There’s one other thing we have to tell it. By default, torch accumulates the gradients stored in grad fields. We need to zero them out for every new calculation, using grad$zero_().

Taking into account these considerations, the parameter update should look like this:

with_no_grad({
  x$sub_(lr * x$grad)
  x$grad$zero_()
})

Here is the complete code, enhanced with logging statements that make it easier to see what is going on.

num_iterations <- 1000

lr <- 0.01

x <- torch_tensor(c(-1, 1), requires_grad = TRUE)

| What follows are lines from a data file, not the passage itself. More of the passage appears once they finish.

(* Assume the standing assumptions and fix a function $h$ satisfying (h1)–(h4). Let $\tau=\min\{n\ge1:S_n\le0\}$ and suppose $\lim_{x\to\infty}\delta_\tau(x)=0$. Then for every stopping time $\sigma$ (with respect to an admissible filtration) with $\mathbf E\sigma<\infty$, we have $\lim_{x\to\infty}\delta_\sigma(x)=0$.
   Context: Standing assumptions: $\{\xi_n\}_{n\ge1}$ are i.i.d. real random variables with common distribution function $F$ and finite mean $\mathbf E\xi_1=-m<0$. $F$ is long-tailed: $\overline F(x)=1-F(x)>0$ for all $x$, and $\overline F(x-c)/\overline F(x)\to1$ as $x\to\infty$ for every fixed $c>0$. Notation: $S_0=0$ and $S_n=\sum_{i=1}^n\xi_i$. Admissible filtration: stopping times are taken with respect to a filtration $\{\mathcal F_n\}_{n\ge0}$ such that $\xi_n$ is $\mathcal F_n$-measurable and $\xi_{n+1}$ is independent of $\mathcal F_n$. The function $h:\mathbb R_+\to\mathbb R_+$ satisfies: - (h1) $h(x)\le x/2$; - (h2) $h(x)\to\infty$; - (h3) $\overline F(x-h(x))/\overline F(x)\to1$ as $x\to\infty$; - (h4) there exists $x_0$ with $h(x+t)\le h(x)+t$ for all $x\ge x_0$, $t\ge0$. For $x\ge0$, let $\mu(x)=\min\{n:S_n>x\}$, with $\min\emptyset=\infty$. For a stopping time $\sigma$, define $$A_{\sigma,2}(x)=\{\mu(x)\le\sigma,\ S_{\mu(x)-1}>h(x)\},\qquad \delta_\sigma(x)=\sup_{y\ge x}\frac{\mathbf P(A_{\sigma,2}(y))}{\overline F(y)}.$$ *)

From HB Require Import structures.
From mathcomp Require Import all_boot all_order all_algebra.
From mathcomp Require Import all_classical all_reals all_analysis.
Set Implicit Arguments. Unset Strict Implicit. Unset Printing Implicit Defensive.
Import Order.TTheory GRing.Theory Num.Theory.
Import numFieldNormedType.Exports.
Local Open Scope classical_set_scope.
Local Open Scope ring_scope.

(* Random walk S_n = xi_1 + ... + xi_n (the value xi 0 is ignored). *)
Definition rwS {T : Type} {R : realType} (xi : nat -> T -> R) (n : nat) (w : T) : R :=
  \sum_(1 <= i < n.+1) xi i w.

(* first n with p n, or None (= infinity) *)
Definition first_hit (p : pred nat) : option nat :=
  match pselect (exists n, p n) with
  | left h => Some (ex_minn h)
  | right _ => None
  end.

(* n <= s, with None standing for +infinity *)
Definition le_opt (n : nat) (s : option nat) : bool :=
  if s is Some k then (n <= k)%N else true.

Definition mu_time {T : Type} {R : realType} (xi : nat -> T -> R) (x : R) (w : T) :=
  first_hit (fun n => x < rwS xi n w).

Definition tau_time {T : Type} {R : realType} (xi : nat -> T -> R) (w : T) :=
  first_hit (fun n => (0 < n)%N && (rwS xi n w <= 0)).

Definition A2 {T : Type} {R : realType} (xi : nat -> T -> R) (h : R -> R)
  (sigma : T -> option nat) (x : R) : set T :=
  [set w | match mu_time xi x w with
           | Some n => le_opt n (sigma w) && (h x < rwS xi n.-1 w)
           | None => false
           end].

Section Prob.
Context {d : measure_display} {T : measurableType d} {R : realType}.
Variable P : probability T R.

Definition cdf (X : T -> R) (y : R) : R := fine (P [set w | X w <= y]).
Definition tailF (X : T -> R) (y : R) : R := 1 - cdf X y.

Definition delta (xi : nat -> T -> R) (h : R -> R) (sigma : T -> option nat)
  (x : R) : \bar R :=
  ereal_sup [set ((fine (P (A2 xi h sigma y))) / tailF (xi 1%N) y)%:E
            | y in [set y | x <= y]].

Definition mutually_indep (xi : nat -> T -> R) : Prop :=
  forall (s : seq nat) (B : nat -> set R), uniq s -> all (fun i => 0 < i)%N s ->
    (forall i, measurable (B i)) ->
    P (\big[setI/setT]_(i <- s) (xi i @^-1` B i)) =
    (\prod_(i <- s) P (xi i @^-1` B i))%E.

Definition ident_distr (xi : nat -> T -> R) : Prop :=
  forall n (B : set R), (0 < n)%N -> measurable B ->
    P (xi n @^-1` B) = P (xi 1%N @^-1` B).

Definition admissible_filtration (xi : nat -> T -> R) (Fn : nat -> set (set T)) : Prop :=
  [/\ (forall n, sigma_algebra setT (Fn n)),
      (forall n A, Fn n A -> measurable A),
      (forall n A, Fn n A -> Fn n.+1 A),
      (forall n B, (0 < n)%N -> measurable B -> Fn n (xi n @^-1` B)) &
      (forall n A B, Fn n A -> measurable B ->
          P (A `&` xi n.+1 @^-1` B) = (P A * P (xi n.+1 @^-1` B))%E)].

Definition stopping_time (Fn : nat -> set (set T)) (sigma : T -> option nat) : Prop :=
  forall n, Fn n [set w | sigma w = Some n].

Definition opt_to_ereal (s : option nat) : \bar R :=
  if s is Some n then (n%:R)%:E else +oo%E.

Definition finite_mean_time (sigma : T -> option nat) : Prop :=
  (\int[P]_w opt_to_ereal (sigma w) < +oo)%E.

End Prob.

(* Let j be the last time before mu(x) at which the walk attains its minimum
   over [0, mu(x) - 1].  On A_{sigma,2}(x) we have sigma > j, an F_j-event, and
   the increments after j describe a walk from 0 that stays positive until it
   first exceeds x - S_j, just before which it lies above h(x) - S_j.  These
   increments are independent of F_j and distributed like the whole sequence
   (a Dynkin argument), and by (h4) such a path of a fresh walk realises
   A_{tau,2}(x - S_j), of probability at most delta_tau(x) Fbar(x).  Summing
   over j, with P(sigma > j) summing to E sigma, gives
   delta_sigma(x) <= (E sigma + 1) delta_tau(x); the random level -S_j is
   handled by rounding it up to finer and finer grids. *)

From HB Require Import structures.
From mathcomp Require Import all_boot all_order all_algebra.
From mathcomp Require Import all_classical all_reals all_analysis.
From mathcomp Require Import lra measurable_realfun.
Import Order.TTheory GRing.Theory Num.Theory.
Import numFieldNormedType.Exports.
Set Implicit Arguments. Unset Strict Implicit. Unset Printing Implicit Defensive.
Local Open Scope classical_set_scope.
Local Open Scope ring_scope.

Lemma first_hitP (p : pred nat) n :
  first_hit p = Some n <-> p n /\ forall i, (i < n)%N -> ~~ p i.
Proof.
rewrite /first_hit; case: pselect => [ex|nex]; last first.
  by split=> // -[pn _]; case: nex; exists n.
case: ex_minnP => k pk kmin; split=> [[<-]|[pn hn]].
  by split=> // i ik; apply/negP => /kmin; rewrite leqNgt ik.
by congr Some; apply/eqP; rewrite eqn_leq kmin // leqNgt; apply/negP => /hn; rewrite pk.
Qed.

Lemma le_optP n s : le_opt n s <-> forall k, (k < n)%N -> s <> Some k.
Proof.
case: s => [m|] /=; split => // [nm k kn [km]|hm].
  by move: kn; rewrite -km ltnNge nm.
by rewrite leqNgt; apply/negP => /hm; apply.
Qed.

Lemma exists_last_argmin (dX : Order.disp_t) (X : orderType dX) (f : nat -> X) N :
  exists2 j, (j <= N)%N & (forall k, (k <= N)%N -> (f j <= f k)%O) /\
                         (forall k, (j < k <= N)%N -> (f j < f k)%O).
Proof.
elim: N => [|N [j jN [jmin jlast]]].
  exists 0%N => //; split=> [k|k /andP[k0 k0']]; first by rewrite leqn0 => /eqP ->.
  by move: (leq_trans k0 k0').
have [leN|ltj] := leP (f N.+1) (f j).
  exists N.+1 => //; split=> [k|k /andP[Nk kN]]; last by move: (leq_trans Nk kN); rewrite ltnn.
  by rewrite leq_eqVlt ltnS => /orP[/eqP -> //|kN]; exact: le_trans leN (jmin _ kN).
exists j; first exact: leqW.
split=> [k|k /andP[jk]]; rewrite leq_eqVlt ltnS => /orP[/eqP -> //|kN].
- exact: ltW.
- exact: jmin.
- by apply: jlast; rewrite jk.
Qed.

Lemma rwS0 {T : Type} {R : realType} (xi : nat -> T -> R) w : rwS xi 0 w = 0.
Proof. by rewrite /rwS big_geq. Qed.

Lemma rwSS {T : Type} {R : realType} (xi : nat -> T -> R) n w :
  rwS xi n.+1 w = rwS xi n w + xi n.+1 w.
Proof. by rewrite /rwS big_nat_recr. Qed.

Lemma rwS_add {T : Type} {R : realType} (xi : nat -> T -> R) j k w :
  rwS xi (j + k) w = rwS xi j w + \sum_(i < k) xi (j + 1 + i)%N w.
Proof.
rewrite /rwS (@big_cat_nat _ _ _ j.+1) //=; last by rewrite ltnS leq_addr.
congr (_ + _); rewrite -{1}[j.+1]add0n big_addn subSS addKn big_mkord.
by apply: eq_bigr => i _; rewrite addnC addn1.
Qed.

Section MeasurableSets.
Context {d : measure_display} {X : measurableType d}.

Lemma measurable_bool_set (b : X -> bool) :
  measurable_fun setT b -> measurable [set x | b x].
Proof.
move=> mb; have := mb measurableT [set true] I.
by rewrite setTI; congr measurable; apply/seteqP; split => x /=.
Qed.

Lemma measurable_forall (A : nat -> set X) : (forall i, measurable (A i)) ->
  measurable [set x | forall i, A i x].
Proof.
move=> mA; rewrite (_ : [set x | _] = \bigcap_i A i); first exact: bigcapT_measurable.
by apply/seteqP; split => x /= h i //; exact: h.
Qed.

for (i in 1:num_iterations) {
  if (i %% 100 == 0) cat("Iteration: ", i, "\n")

  value <- rosenbrock(x)
  if (i %% 100 == 0) {
    cat("Value is: ", as.numeric(value), "\n")
  }

  value$backward()
  if (i %% 100 == 0) {
    cat("Gradient is: ", as.matrix(x$grad), "\n")
  }

  with_no_grad({
    x$sub_(lr * x$grad)
    x$grad$zero_()
  })
}
Iteration:  100 
Value is:  0.3502924 
Gradient is:  -0.667685 -0.5771312 

Iteration:  200 
Value is:  0.07398106 
Gradient is:  -0.1603189 -0.2532476 

Iteration:  300 
Value is:  0.02483024 
Gradient is:  -0.07679074 -0.1373911 

Iteration:  400 
Value is:  0.009619333 
Gradient is:  -0.04347242 -0.08254051 

Iteration:  500 
Value is:  0.003990697 
Gradient is:  -0.02652063 -0.05206227 

Iteration:  600 
Value is:  0.001719962 
Gradient is:  -0.01683905 -0.03373682 

Iteration:  700 
Value is:  0.0007584976 
Gradient is:  -0.01095017 -0.02221584 

Iteration:  800 
Value is:  0.0003393509 
Gradient is:  -0.007221781 -0.01477957

Iteration:  900 
Value is:  0.0001532408 
Gradient is:  -0.004811743 -0.009894371 

Iteration:  1000 
Value is:  6.962555e-05 
Gradient is:  -0.003222887 -0.006653666 

After thousand iterations, we have reached a function value lower than 0.0001. What is the corresponding (x1,x2)-position?

x
torch_tensor
 0.9918
 0.9830
[ CPUFloatType{2} ]

This is rather close to the true minimum of (1,1). If you feel like, play around a little, and try to find out what kind of difference the learning rate makes. For example, try 0.001 and 0.1, respectively.

In the next chapter, we will build a neural network from scratch. There, the function we minimize will be a loss function, namely, the mean squared error arising from a regression problem.